The dressing room at the Wanda was at sixteen degrees when we arrived at eight o’clock local. The heating had not been fixed. Rebecca had her five gel-pad heaters running inside the kit bags within ninety seconds. Steele was standing on the door so that nobody from the Atlético staff could come in unannounced.

The Atlético warm-up music started at twenty to nine. Loud enough to feel in the chest through the dressing-room wall. The same eight bars of Himno del Atleti played on a loop at a volume that was not designed for a stadium. It was designed for the room we were sat in.

Nobody talked. Nobody could have. Pato put his earphones in. Sakho was tying his boots very slowly. Konaté was reading the back of a gel-pad packet like it was scripture. Neves was bouncing a ball on his knee in time with the music because there was nothing else to do.

I waited until the music cut.

"Popey. Aaron, Ibu, Mama, Ben. Rúben and Mateo. Serge right, James in the hole, Wilf left. Benteke up top."

I scanned the room.

"Lads. Crystal Palace Football Club has existed for a hundred and twelve years. In a hundred and twelve years, this club has never been to a European quarter-final. Ninety minutes from now, that changes! You change it. Nobody else. Not the people who built the ground. Not the people who paid for your contracts. Not me. You eleven, plus the seven on the bench, plus the staff who got you here. The next match in the history of Crystal Palace Football Club is the quarter-final of the Europa League. And it starts the minute that whistle blows tonight."

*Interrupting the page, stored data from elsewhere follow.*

(** * Gluing along clopen partitions *)

Lemma clopen_partition_piece {I} X (P : I -> cantor -> Prop) i :
  clopen_partition X P -> clopen_in X (P i).
Proof.
  intros (Hsub & Hcov & Hdisj & Hopen). repeat split.
  - apply Hsub.
  - apply Hopen.
  - intros x [Hx Hnx]. destruct (Hcov x Hx) as [j Hj].
    destruct (Hopen j x Hj) as [n Hn].
    exists n. intros y Hy Hxy. split; [exact Hy |].
    intros Hi. apply Hnx. replace i with j; [exact Hj |].
    exact (Hdisj j i y (Hn y Hy Hxy) Hi).
Qed.

Lemma clopen_partition_bool X S S' : clopen_in X S ->
  (forall x, S' x <-> X x /\ ~ S x) ->
  clopen_partition X (fun b : bool => if b then S else S').
Proof.
  intros (HSX & HS & HSc) HS'.
  repeat split.
  - intros [|] x; [apply HSX | intros Hx; apply HS'; exact Hx].
  - intros x Hx. destruct (classic (S x)).
    + exists true. assumption.
    + exists false. apply HS'. auto.
  - intros [|] [|] x; rewrite ?HS'; tauto.
  - intros [|]; [exact HS |].
    intros x Hx. apply HS' in Hx. destruct (HSc x Hx) as [n Hn].
    exists n. intros y Hy Hxy. apply HS'. apply Hn; auto.
Qed.

Lemma clopen_partition_refine {I J} X (P : I -> cantor -> Prop)
    (Q : I -> J -> cantor -> Prop) :
  clopen_partition X P -> (forall i, clopen_partition (P i) (Q i)) ->
  clopen_partition X (fun ij : I * J => Q (fst ij) (snd ij)).
Proof.
  intros (Hsub & Hcov & Hdisj & Hopen) HQ. repeat split.
  - intros [i j] x Hx. apply (Hsub i). exact (proj1 (HQ i) j x Hx).
  - intros x Hx. destruct (Hcov x Hx) as [i Hi].
    destruct (proj1 (proj2 (HQ i)) x Hi) as [j Hj]. exists (i, j). exact Hj.
  - intros [i j] [i' j'] x Hx Hx'. simpl in *.
    assert (i = i') as <-
      by exact (Hdisj i i' x (proj1 (HQ i) j x Hx) (proj1 (HQ i') j' x Hx')).
    f_equal. exact (proj1 (proj2 (proj2 (HQ i))) j j' x Hx Hx').
  - intros [i j]. apply (open_in_trans X (P i)); [apply (HQ i) | apply Hopen |].
    exact (proj2 (proj2 (proj2 (HQ i))) j).
Qed.

Lemma clopen_partition_remove {I J} X (P : I -> cantor -> Prop) (i0 : I)
    (sigma : J -> I) :
  clopen_partition X P ->
  (forall j j', sigma j = sigma j' -> j = j') ->
  (forall i, i <> i0 -> exists j, sigma j = i) ->
  (forall j, sigma j <> i0) ->
  clopen_partition (fun x => X x /\ ~ P i0 x) (fun j => P (sigma j)).
Proof.
  intros (Hsub & Hcov & Hdisj & Hopen) Hinj Hsurj Hmiss. split; [| split; [| split]].
  - intros j x Hx. split; [exact (Hsub _ x Hx) |].
    intros Hx0. exact (Hmiss j (Hdisj _ _ x Hx Hx0)).
  - intros x [Hx Hnx]. destruct (Hcov x Hx) as [i Hi].
    destruct (Hsurj i) as [j <-]; [intros ->; contradiction | eauto].
  - intros j j' x Hx Hx'. apply Hinj. exact (Hdisj _ _ x Hx Hx').
  - intros j. apply (open_in_subspace X); [intros x [Hx _]; exact Hx | apply Hopen].
Qed.

Lemma partition_index {I} (i0 : I) X (P : I -> cantor -> Prop) :
  clopen_partition X P ->
  exists ix : cantor -> I, (forall x, X x -> P (ix x) x) /\ (forall i x, P i x -> ix x = i).
Proof.
  intros (Hsub & Hcov & Hdisj & _).
  assert (Hix : forall x, X x -> P (epsilon (inhabits i0) (fun i => P i x)) x)
    by (intros x Hx; apply epsilon_spec; auto).
  exists (fun x => epsilon (inhabits i0) (fun i => P i x)). split; [exact Hix |].
  intros i x Hi. apply (Hdisj _ _ x); [apply Hix, (Hsub i x Hi) | exact Hi].
Qed.

Lemma continuous_on_glue {I} X (P : I -> cantor -> Prop) (ix : cantor -> I)
    (f : I -> cantor -> cantor) :
  clopen_partition X P -> (forall x, X x -> P (ix x) x) -> (forall i x, P i x -> ix x = i) ->
  (forall i, continuous_on (P i) (f i)) -> continuous_on X (fun x => f (ix x) x).
Proof.
  intros (_ & _ & _ & Hopen) Hix Hix' Hf x Hx m.
  destruct (Hopen (ix x) x (Hix x Hx)) as [n1 Hn1].
  destruct (Hf (ix x) x (Hix x Hx) m) as [n2 Hn2].
  exists (max n1 n2). intros y Hy Hxy.
  assert (Hpy : P (ix x) y)
    by (apply Hn1; [exact Hy | apply (agree_weaken (max n1 n2)); [lia | exact Hxy]]).
  rewrite (Hix' _ _ Hpy).
  apply Hn2; [exact Hpy | apply (agree_weaken (max n1 n2)); [lia | exact Hxy]].
Qed.

Lemma homeomorphic_glue {I} (i0 : I) X Y (PX PY : I -> cantor -> Prop) :
  clopen_partition X PX -> clopen_partition Y PY ->
  (forall i, homeomorphic (PX i) (PY i)) -> homeomorphic X Y.
Proof.
  intros HX HY Hh.
  destruct (homeomorphic_choice I PX PY Hh) as (f & g & Hfg).
  destruct (partition_index i0 X PX HX) as (ix & Hix & Hix').
  destruct (partition_index i0 Y PY HY) as (iy & Hiy & Hiy').
  assert (Hf : forall x, X x -> PY (ix x) (f (ix x) x)) by (intros x Hx; apply Hfg; auto).
  assert (Hg : forall y, Y y -> PX (iy y) (g (iy y) y)) by (intros y Hy; apply Hfg; auto).
  exists (fun x => f (ix x) x), (fun y => g (iy y) y). repeat split.
  - intros x Hx. apply (proj1 HY (ix x)). auto.
  - intros y Hy. apply (proj1 HX (iy y)). auto.
  - intros x Hx. rewrite (Hiy' _ _ (Hf x Hx)). apply Hfg. auto.
  - intros y Hy. rewrite (Hix' _ _ (Hg y Hy)). apply Hfg. auto.
  - apply (continuous_on_glue X PX); auto. apply Hfg.
  - apply (continuous_on_glue Y PY); auto. apply Hfg.
Qed.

The room had gone very quiet.

"Costa will come for Ibu. He’ll catch him with an elbow, a boot, a knee. He wants you to react. You don’t react. There will be shirts at corners. Oblak will hold the ball for fifteen seconds. The ball boy will be slow on every throw-in we win. None of it matters. We play. We don’t argue. We don’t moan. We play."

I waited.

"They watered our half of the pitch this afternoon and they will water it again at half-time because they don’t want us to play our football. So we play a different football. We play patient. We play boring. We play men. We have a three-goal lead. We don’t need to win this. But we will! Because we are not the team that comes to the Wanda to survive. We come to the Wanda to win! That’s what we do. Tonight we do it for every Palace fan who ever lived."

Sakho stood up. Hit his chest twice.

"Madrid!" he said. "Is the same as anywhere else!"

A roar went up across the room. Konaté nodded once, slowly, then stood up too. Pope hit Sakho on the shoulder. Neves shouted something in Portuguese that I did not catch but that Bojan repeated back twice with his fist in the air.

"Kit on!"

[Squad readiness: green. Crowd: 67,829. Temperature: 11°C.]

The Wanda came at us through the tunnel before we had even stepped onto the pitch. The Himno was on its loop, the Frente Atlético had three flags the height of the stand and two flares already lit, and the noise was not anger like the Vélodrome. It was confidence. Sixty-seven thousand people who had been told by their manager that this was nothing more than a formality and had decided to believe him.

I walked out to the technical area. Simeone did not look at me. The Palace three thousand were in the south-east corner behind a UEFA-mandated cordon. The whole away allocation.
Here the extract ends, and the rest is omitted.